Kapal yang kuat akan tetap maju meski kerusakan yang diterima hampir menenggelamkannya, asupan itu rasa sakit, pengkhianatan, diskriminasi dan semacamnya. Tetaplah memaafkan meski sakit, kita ini manusia bukan Pencipta alam semesta.
Anggaplah penyegeraan siksaan yang terasa seperti tak berujung sebagai penghapusan untuk melangkah ke depan agar bisa lebih memaafkan dan tetap terus memaafkan seberat atau se-sesak apa pun hati menghadapinya.
Buah dari kelalaian inilah yang menjadikan rasa sesal itu seolah menyatu dengan jiwa dan raga. Jadikan rasa sakit itu sebagai bahan bakar perubahan untuk lebih baik lagi dalam banyak hal, terutama bersikap ketika tak ada seorang pun di sisi.
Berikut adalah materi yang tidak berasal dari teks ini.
Lemma prodP_setC n (A : set (n.-tuple T)) : measurable A ->
  prodP P (~` A) + prodP P A = 1.
Proof.
move=> mA; rewrite -!prodE_indic -prodED; try exact: indic_ge0;
  try exact: measurable_EFin_indic (measurableC mA);
  try exact: measurable_EFin_indic mA.
rewrite -[RHS](prodE_cst P n); apply: eq_prodE => t.
by rewrite -EFinD indicC indicE /=; case: (t \in A); rewrite ?add0r ?addr0.
Qed.

Definition probP n (A : set (n.-tuple T)) : R := fine (prodP P A).

Lemma prodP_probP n (A : set (n.-tuple T)) : measurable A ->
  prodP P A = (probP A)%:E.
Proof.
move=> mA; rewrite /probP fineK // ge0_fin_numE; last first.
  by rewrite -prodE_indic; apply: prodE_ge0 => t; exact: indic_ge0.
by rewrite (le_lt_trans (le_prodP mA measurableT (@subsetT _ A))) // prodP_setT ltry.
Qed.

Lemma probP_ge0 n (A : set (n.-tuple T)) : (0 <= probP A)%R.
Proof.
by apply/fine_ge0; rewrite -prodE_indic; apply: prodE_ge0 => t; exact: indic_ge0.
Qed.

Lemma le_probP n (A B : set (n.-tuple T)) : measurable A -> measurable B ->
  A `<=` B -> (probP A <= probP B)%R.
Proof.
by move=> mA mB AB; rewrite -lee_fin -!prodP_probP //; exact: le_prodP.
Qed.

Lemma probP_le1 n (A : set (n.-tuple T)) : measurable A -> (probP A <= 1)%R.
Proof.
move=> mA; rewrite -lee_fin -prodP_probP // -(prodP_setT n).
exact: le_prodP mA measurableT (@subsetT _ A).
Qed.

Lemma probP_setC n (A : set (n.-tuple T)) : measurable A ->
  probP (~` A) = (1 - probP A)%R.
Proof.
move=> mA; have := prodP_setC mA.
by rewrite !prodP_probP //; [case=> <-; rewrite addrK | exact: measurableC].
Qed.

Lemma probP_disjoint n (A B : set (n.-tuple T)) : measurable A -> measurable B ->
  A `&` B = set0 -> (probP A + probP B <= 1)%R.
Proof.
move=> mA mB AB0; rewrite -lerBrDl -probP_setC //.
apply: le_probP => //; first exact: measurableC.
by move=> t Bt At; have : (A `&` B) t by []; rewrite AB0.
Qed.

Lemma markov_prodP m (f : m.-tuple T -> R) (c : R) : (0 <= c)%R ->
  (forall t, 0 <= f t)%R -> measurable_fun setT f ->
  c%:E * prodP P [set t | (c <= f t)%R] <= prodE P m (fun t => (f t)%:E).
Proof.
move=> c0 f0 mf; have mfc := measurable_ge_set c mf.
rewrite -prodE_indic -prodEZ //; try exact: indic_ge0;
  try exact: measurable_EFin_indic.
apply: le_prodE => [t|||t].
- by rewrite -EFinM lee_fin mulr_ge0 // indicE.
- by apply/measurable_EFinP/measurable_funM => //; exact: measurable_indic.
- exact/measurable_EFinP.
rewrite -EFinM lee_fin indicE; case: (boolP (t \in _)) => [/set_mem|_] /=.
  by rewrite mulr1.
by rewrite mulr0.
Qed.

End product_probability.

Section block_count.
Context d (T : measurableType d) (R : realType).

Definition block_count n (A : set (n.-tuple T)) k (w : (n * k).-tuple T) : R :=
  \sum_(i < k) \1_A (block w i).
Arguments block_count {n} A k w.

Lemma measurable_block n k (i : 'I_k) :
  measurable_fun [set: (n * k).-tuple T] (block ^~ i).
Proof.
apply/measurable_fun_tnthP => j.
rewrite (_ : _ \o _ = fun w => tnth w (Ordinal (block_idx_lt i j))).
  exact: measurable_tnth.
by apply: funext => w /=; rewrite tnth_mktuple.
Qed.

Lemma measurable_block_count n (A : set (n.-tuple T)) k : measurable A ->
  measurable_fun setT (block_count A k).
Proof.
move=> mA; apply: measurable_sum => i.
exact: measurableT_comp (measurable_indic mA) (measurable_block i).
Qed.

Lemma block_count_ge0 n (A : set (n.-tuple T)) k w : 0 <= block_count A k w.
Proof. by apply: sumr_ge0 => i _; rewrite indicE. Qed.

Lemma block_count_le n (A : set (n.-tuple T)) k w : block_count A k w <= k%:R.
Proof.
rewrite /block_count -[k in k%:R]card_ord -sumr_const.
by apply: ler_sum => i _; rewrite indicE; case: (_ \in _).
Qed.

Lemma block_count_cat n (A : set (n.-tuple T)) k u v :
  block_count A k.+1 (tcast (esym (mulnS n k)) (cat_tuple u v)) =
  \1_A u + block_count A k v.
Proof.
rewrite /block_count big_ord_recl; congr (\1_A _ + _).
  apply: eq_from_tnth => j; rewrite tnth_mktuple tcastE -(tnth_lshift u v).
  by congr tnth; apply: val_inj; rewrite /= mul0n add0n.
apply: eq_bigr => i _; congr (\1_A _).
apply: eq_from_tnth => j; rewrite !tnth_mktuple tcastE -(tnth_rshift u v).
by congr tnth; apply: val_inj; rewrite /= /bump /= add1n mulSn addnA.
Qed.

Lemma Sev_itv1E n (A : set (n.-tuple T)) (s : R) k : (0 < k)%N ->
  Sev A `[s, 1] k = [set w | s * k%:R <= block_count A k w].
Proof.
move=> k0; have kpos : (0 < k%:R :> R) by rewrite ltr0n.
apply/seteqP; split => w; rewrite /Sev /= in_itv /= ler_pdivlMl // mulrC.
  by case/andP.
by move=> ->; rewrite ler_pdivrMl // mulr1 block_count_le.
Qed.

Lemma measurable_Sev n (A : set (n.-tuple T)) (I : interval R) k :
  measurable A -> measurable (Sev A I k).
Proof.
move=> mA.
have /(_ measurableT _ (measurable_itv I)) := measurable_funM
  (measurable_cst (k%:R^-1 : R)) (measurable_block_count (k:=k) mA).
by rewrite setTI.
Qed.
Pengagungan itu digemakan di hari raya tahun 1443 Hijriyah atau 2022 Masehi. Sebanyak apa pun materi yang diperoleh jika keluarga tak di sisi, materi itu pun seakan memaksamatikan rasa yang seharusnya ada. Tak apa nikmatilah.
Hanya karena tidak tahu kalau kelalaian ini sebenarnya bukan hanya berperan sebagai siksaan tapi ... Juga sebagai media perbandingan dari saudara-saudari yang tak sempat punya keluarga di dunia.